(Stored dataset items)
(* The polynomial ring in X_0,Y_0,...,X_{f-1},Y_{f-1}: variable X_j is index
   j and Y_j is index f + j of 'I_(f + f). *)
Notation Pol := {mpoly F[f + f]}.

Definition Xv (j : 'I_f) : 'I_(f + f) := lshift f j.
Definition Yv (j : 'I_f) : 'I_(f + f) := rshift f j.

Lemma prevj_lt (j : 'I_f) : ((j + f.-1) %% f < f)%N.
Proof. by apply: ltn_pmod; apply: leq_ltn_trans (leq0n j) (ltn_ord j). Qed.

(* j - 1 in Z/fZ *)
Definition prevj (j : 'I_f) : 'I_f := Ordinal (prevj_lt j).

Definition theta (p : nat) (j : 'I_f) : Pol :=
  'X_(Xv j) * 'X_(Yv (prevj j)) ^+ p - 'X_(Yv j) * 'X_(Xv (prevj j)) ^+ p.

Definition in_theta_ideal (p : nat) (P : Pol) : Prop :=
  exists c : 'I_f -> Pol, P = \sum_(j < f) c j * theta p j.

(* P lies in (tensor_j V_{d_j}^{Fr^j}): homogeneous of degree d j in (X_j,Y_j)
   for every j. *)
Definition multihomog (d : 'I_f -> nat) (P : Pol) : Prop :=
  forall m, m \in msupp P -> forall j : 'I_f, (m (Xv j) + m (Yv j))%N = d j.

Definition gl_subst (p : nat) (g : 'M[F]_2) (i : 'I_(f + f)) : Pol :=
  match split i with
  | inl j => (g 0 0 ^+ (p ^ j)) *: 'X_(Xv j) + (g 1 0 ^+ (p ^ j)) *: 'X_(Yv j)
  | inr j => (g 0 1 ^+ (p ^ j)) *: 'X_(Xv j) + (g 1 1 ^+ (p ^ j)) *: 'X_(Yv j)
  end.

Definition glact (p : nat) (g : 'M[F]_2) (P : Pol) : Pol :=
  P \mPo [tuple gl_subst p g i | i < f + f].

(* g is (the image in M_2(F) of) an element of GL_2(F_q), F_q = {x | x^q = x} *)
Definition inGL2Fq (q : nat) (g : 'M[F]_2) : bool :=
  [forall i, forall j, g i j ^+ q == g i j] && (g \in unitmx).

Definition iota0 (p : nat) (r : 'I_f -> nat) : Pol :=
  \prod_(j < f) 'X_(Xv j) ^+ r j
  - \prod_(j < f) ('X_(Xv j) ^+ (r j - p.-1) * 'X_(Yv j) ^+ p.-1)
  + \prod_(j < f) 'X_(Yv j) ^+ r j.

→ To do
Copy every line above in which the string "Definition" shows up.

→ Solution to the problem
Definition Xv (j : 'I_f) : 'I_(f + f) := lshift f j.
Definition Yv (j : 'I_f) : 'I_(f + f) := rshift f j.
Definition prevj (j : 'I_f) : 'I_f := Ordinal (prevj_lt j).
Definition theta (p : nat) (j : 'I_f) : Pol :=
Definition in_theta_ideal (p : nat) (P : Pol) : Prop :=
Definition multihomog (d : 'I_f -> nat) (P : Pol) : Prop :=
Definition gl_subst (p : nat) (g : 'M[F]_2) (i : 'I_(f + f)) : Pol :=
Definition glact (p : nat) (g : 'M[F]_2) (P : Pol) : Pol :=
Definition inGL2Fq (q : nat) (g : 'M[F]_2) : bool :=
Definition iota0 (p : nat) (r : 'I_f -> nat) : Pol :=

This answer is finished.